EXERCISE:
Output the lines below exactly, please, from the first line until the line with "rewrite integral_sqr_centered_indic_sum ?(ltW", counting both.

Stored items:
**********
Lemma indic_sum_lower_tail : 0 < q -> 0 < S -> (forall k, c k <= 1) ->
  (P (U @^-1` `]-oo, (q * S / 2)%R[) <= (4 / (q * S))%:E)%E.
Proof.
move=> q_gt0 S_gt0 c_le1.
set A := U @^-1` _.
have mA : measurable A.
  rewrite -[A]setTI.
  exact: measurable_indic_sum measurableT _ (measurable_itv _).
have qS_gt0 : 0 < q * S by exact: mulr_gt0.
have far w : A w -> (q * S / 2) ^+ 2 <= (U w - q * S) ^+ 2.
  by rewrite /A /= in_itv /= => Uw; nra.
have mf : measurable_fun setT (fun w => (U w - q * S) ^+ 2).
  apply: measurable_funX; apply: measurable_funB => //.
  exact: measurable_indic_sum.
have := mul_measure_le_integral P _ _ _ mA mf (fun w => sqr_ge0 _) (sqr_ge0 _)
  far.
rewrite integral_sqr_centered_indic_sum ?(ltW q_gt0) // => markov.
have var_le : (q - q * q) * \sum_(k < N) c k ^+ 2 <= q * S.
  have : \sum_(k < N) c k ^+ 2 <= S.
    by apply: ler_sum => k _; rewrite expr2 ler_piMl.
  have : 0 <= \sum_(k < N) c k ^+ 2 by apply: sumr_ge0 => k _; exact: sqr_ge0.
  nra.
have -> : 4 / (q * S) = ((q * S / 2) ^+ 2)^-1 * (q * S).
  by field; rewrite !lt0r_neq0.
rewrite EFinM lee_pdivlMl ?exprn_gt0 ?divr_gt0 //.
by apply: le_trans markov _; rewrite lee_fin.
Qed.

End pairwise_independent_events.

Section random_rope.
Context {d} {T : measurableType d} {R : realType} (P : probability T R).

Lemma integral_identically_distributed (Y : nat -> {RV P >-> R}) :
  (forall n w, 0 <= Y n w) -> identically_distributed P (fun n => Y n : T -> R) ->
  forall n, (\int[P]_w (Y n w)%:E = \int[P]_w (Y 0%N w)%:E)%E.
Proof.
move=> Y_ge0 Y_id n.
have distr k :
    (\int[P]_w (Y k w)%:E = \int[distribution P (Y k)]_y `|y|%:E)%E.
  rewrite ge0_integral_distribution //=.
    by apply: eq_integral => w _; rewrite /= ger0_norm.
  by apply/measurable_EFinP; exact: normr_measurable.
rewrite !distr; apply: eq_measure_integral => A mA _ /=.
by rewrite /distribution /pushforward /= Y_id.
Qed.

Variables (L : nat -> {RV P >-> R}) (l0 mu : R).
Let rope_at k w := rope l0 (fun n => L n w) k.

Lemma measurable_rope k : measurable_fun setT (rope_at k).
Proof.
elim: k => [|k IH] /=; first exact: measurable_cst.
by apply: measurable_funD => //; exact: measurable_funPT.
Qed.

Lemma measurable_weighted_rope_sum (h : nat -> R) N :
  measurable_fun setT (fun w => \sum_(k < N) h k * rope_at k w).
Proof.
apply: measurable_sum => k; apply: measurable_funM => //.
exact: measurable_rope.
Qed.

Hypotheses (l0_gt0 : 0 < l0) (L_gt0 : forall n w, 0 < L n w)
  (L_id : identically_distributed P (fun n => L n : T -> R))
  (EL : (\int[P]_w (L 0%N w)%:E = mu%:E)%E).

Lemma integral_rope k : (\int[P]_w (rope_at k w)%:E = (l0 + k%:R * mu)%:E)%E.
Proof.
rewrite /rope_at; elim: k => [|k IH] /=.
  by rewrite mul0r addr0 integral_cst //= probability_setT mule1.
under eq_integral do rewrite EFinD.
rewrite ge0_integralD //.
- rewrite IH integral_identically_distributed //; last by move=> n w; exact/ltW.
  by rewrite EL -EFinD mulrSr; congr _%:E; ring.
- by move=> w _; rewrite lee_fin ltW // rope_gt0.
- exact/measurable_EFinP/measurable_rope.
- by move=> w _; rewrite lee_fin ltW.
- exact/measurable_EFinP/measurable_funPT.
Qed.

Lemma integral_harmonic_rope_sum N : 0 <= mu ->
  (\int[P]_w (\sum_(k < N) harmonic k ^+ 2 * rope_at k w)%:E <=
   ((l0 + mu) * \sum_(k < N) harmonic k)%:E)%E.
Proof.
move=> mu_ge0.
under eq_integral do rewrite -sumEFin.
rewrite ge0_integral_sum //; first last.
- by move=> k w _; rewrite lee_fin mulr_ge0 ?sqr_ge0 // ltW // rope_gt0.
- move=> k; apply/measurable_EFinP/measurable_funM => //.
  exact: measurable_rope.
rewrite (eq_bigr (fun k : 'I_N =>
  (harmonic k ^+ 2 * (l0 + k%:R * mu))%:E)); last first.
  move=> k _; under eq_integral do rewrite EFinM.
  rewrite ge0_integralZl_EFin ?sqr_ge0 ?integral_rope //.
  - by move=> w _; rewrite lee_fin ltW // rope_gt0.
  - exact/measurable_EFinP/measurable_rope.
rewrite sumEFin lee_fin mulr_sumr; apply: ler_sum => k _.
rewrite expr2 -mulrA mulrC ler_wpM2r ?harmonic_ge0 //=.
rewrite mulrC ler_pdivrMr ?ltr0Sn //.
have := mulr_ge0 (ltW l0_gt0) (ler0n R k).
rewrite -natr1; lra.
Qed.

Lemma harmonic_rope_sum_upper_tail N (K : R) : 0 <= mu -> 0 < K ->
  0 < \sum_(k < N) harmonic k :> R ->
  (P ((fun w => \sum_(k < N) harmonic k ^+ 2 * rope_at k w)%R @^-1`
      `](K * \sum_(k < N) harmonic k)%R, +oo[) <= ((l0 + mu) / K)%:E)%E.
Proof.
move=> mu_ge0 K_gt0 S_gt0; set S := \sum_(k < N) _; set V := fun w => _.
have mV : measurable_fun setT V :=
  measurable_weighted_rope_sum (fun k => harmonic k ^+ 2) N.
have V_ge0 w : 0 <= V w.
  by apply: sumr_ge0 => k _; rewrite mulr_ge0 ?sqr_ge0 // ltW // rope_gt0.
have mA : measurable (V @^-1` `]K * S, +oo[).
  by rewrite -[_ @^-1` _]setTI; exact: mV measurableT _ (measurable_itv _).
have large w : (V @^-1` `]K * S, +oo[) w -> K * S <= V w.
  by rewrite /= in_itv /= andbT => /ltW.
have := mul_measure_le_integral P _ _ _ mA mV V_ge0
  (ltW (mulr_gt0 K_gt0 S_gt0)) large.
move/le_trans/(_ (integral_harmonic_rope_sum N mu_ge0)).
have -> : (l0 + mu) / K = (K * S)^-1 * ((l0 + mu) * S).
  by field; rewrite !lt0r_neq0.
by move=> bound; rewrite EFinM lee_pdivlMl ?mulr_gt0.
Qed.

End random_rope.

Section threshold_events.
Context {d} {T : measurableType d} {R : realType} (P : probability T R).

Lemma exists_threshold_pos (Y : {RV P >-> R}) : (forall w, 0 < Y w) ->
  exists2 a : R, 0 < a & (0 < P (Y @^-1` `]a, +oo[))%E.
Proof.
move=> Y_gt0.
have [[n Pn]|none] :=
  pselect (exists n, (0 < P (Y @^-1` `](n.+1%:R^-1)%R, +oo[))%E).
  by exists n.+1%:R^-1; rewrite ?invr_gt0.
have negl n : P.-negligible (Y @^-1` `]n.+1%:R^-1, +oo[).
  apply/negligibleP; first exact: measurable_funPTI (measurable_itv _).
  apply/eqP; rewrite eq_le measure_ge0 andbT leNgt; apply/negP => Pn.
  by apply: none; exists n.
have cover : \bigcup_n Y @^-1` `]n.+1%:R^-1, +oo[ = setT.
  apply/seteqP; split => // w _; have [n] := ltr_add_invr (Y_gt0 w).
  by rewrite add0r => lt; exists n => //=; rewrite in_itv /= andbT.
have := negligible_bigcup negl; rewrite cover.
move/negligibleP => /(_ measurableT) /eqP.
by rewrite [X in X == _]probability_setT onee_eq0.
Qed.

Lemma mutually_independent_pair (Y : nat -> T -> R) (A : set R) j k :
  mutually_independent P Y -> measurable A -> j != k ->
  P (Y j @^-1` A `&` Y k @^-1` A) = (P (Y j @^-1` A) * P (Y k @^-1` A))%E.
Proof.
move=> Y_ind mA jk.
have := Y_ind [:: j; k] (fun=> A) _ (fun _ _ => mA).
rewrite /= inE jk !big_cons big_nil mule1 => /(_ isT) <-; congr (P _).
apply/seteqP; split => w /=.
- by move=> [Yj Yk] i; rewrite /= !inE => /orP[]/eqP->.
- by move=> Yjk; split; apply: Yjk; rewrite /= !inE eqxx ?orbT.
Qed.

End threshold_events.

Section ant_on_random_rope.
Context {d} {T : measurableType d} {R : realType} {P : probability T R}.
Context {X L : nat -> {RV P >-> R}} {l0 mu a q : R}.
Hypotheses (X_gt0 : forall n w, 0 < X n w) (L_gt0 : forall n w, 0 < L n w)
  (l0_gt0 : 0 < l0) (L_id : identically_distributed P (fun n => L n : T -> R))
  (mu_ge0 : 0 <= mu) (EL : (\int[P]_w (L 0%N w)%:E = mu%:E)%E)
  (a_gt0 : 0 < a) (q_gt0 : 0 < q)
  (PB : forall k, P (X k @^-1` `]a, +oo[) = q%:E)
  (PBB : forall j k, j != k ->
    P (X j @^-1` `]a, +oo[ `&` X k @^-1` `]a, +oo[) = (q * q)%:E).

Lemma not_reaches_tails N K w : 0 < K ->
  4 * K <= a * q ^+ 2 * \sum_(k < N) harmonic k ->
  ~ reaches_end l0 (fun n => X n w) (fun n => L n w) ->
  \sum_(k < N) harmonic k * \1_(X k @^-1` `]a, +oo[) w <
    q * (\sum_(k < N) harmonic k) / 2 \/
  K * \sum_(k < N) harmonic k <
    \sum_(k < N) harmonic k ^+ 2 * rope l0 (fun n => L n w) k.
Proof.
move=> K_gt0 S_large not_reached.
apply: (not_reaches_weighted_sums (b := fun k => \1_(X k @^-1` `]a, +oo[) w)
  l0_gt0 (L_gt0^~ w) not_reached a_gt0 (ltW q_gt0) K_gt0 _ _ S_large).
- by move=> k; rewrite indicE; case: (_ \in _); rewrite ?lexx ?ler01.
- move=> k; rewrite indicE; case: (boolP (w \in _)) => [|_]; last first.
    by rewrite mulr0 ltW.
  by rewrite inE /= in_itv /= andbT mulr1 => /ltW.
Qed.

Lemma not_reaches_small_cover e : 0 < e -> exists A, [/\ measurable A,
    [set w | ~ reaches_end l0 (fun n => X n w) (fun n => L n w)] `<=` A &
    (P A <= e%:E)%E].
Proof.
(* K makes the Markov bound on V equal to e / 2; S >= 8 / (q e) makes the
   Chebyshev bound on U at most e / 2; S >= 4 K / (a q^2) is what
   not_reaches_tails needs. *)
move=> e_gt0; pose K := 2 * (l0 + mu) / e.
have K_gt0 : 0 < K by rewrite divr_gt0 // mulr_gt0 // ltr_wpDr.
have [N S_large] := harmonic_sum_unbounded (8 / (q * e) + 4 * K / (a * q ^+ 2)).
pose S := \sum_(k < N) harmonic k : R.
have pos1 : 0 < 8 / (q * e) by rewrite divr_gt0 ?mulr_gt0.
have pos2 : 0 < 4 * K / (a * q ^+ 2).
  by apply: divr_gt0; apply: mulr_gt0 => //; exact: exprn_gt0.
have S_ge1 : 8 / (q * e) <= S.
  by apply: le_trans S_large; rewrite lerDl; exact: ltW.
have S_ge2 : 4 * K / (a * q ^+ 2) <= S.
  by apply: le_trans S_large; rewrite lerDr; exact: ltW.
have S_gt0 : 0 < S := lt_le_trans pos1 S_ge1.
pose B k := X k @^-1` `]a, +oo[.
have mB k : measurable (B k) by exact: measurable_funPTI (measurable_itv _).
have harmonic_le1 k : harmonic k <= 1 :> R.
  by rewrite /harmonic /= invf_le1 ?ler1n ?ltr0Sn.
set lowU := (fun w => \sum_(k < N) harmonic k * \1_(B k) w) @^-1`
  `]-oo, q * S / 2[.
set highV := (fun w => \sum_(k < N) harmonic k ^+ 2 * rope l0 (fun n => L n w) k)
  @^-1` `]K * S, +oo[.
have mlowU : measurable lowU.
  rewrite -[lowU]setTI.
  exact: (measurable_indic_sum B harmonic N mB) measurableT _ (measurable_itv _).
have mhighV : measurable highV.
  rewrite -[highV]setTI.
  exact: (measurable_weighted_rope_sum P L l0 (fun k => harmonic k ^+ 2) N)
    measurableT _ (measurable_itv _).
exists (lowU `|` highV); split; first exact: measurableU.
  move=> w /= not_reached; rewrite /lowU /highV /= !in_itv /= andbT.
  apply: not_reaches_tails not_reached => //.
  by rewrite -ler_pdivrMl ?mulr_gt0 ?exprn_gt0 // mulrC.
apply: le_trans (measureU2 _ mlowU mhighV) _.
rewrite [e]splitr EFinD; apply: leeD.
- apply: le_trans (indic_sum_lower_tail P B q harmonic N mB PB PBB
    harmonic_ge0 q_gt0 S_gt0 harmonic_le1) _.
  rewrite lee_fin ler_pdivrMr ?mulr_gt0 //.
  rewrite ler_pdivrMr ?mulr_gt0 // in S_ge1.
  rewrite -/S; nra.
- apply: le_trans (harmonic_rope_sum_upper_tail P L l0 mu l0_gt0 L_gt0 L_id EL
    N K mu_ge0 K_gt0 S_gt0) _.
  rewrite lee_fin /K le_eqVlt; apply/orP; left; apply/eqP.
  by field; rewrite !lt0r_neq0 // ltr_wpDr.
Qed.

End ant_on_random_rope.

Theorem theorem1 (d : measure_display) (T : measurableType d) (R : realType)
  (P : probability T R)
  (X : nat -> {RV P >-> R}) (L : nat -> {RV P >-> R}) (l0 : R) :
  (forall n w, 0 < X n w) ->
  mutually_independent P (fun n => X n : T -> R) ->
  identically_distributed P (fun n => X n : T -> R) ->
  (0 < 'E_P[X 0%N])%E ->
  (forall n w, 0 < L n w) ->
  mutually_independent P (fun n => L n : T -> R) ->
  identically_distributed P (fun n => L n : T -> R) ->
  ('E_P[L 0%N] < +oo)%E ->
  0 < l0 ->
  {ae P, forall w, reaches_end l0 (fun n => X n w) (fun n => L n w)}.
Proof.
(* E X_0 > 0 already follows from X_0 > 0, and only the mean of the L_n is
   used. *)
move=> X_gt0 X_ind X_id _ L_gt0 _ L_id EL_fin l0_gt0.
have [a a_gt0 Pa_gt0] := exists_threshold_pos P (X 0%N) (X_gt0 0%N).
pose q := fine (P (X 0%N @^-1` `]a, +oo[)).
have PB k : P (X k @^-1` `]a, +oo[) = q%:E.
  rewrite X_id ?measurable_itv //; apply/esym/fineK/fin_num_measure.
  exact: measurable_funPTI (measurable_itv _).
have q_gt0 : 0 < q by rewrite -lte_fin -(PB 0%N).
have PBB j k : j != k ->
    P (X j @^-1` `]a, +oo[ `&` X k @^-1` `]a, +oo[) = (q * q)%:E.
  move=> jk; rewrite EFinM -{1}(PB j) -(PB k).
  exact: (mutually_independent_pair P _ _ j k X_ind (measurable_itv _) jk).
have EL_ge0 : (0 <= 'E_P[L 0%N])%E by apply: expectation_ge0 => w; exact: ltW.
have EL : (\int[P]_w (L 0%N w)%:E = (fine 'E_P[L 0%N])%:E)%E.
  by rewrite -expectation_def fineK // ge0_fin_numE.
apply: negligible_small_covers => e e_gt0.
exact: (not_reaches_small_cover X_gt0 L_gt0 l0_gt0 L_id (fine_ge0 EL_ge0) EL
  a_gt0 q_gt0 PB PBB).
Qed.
**********
WRITTEN SOLUTION:
Lemma indic_sum_lower_tail : 0 < q -> 0 < S -> (forall k, c k <= 1) ->
  (P (U @^-1` `]-oo, (q * S / 2)%R[) <= (4 / (q * S))%:E)%E.
Proof.
move=> q_gt0 S_gt0 c_le1.
set A := U @^-1` _.
have mA : measurable A.
  rewrite -[A]setTI.
  exact: measurable_indic_sum measurableT _ (measurable_itv _).
have qS_gt0 : 0 < q * S by exact: mulr_gt0.
have far w : A w -> (q * S / 2) ^+ 2 <= (U w - q * S) ^+ 2.
  by rewrite /A /= in_itv /= => Uw; nra.
have mf : measurable_fun setT (fun w => (U w - q * S) ^+ 2).
  apply: measurable_funX; apply: measurable_funB => //.
  exact: measurable_indic_sum.
have := mul_measure_le_integral P _ _ _ mA mf (fun w => sqr_ge0 _) (sqr_ge0 _)
  far.
rewrite integral_sqr_centered_indic_sum ?(ltW q_gt0) // => markov.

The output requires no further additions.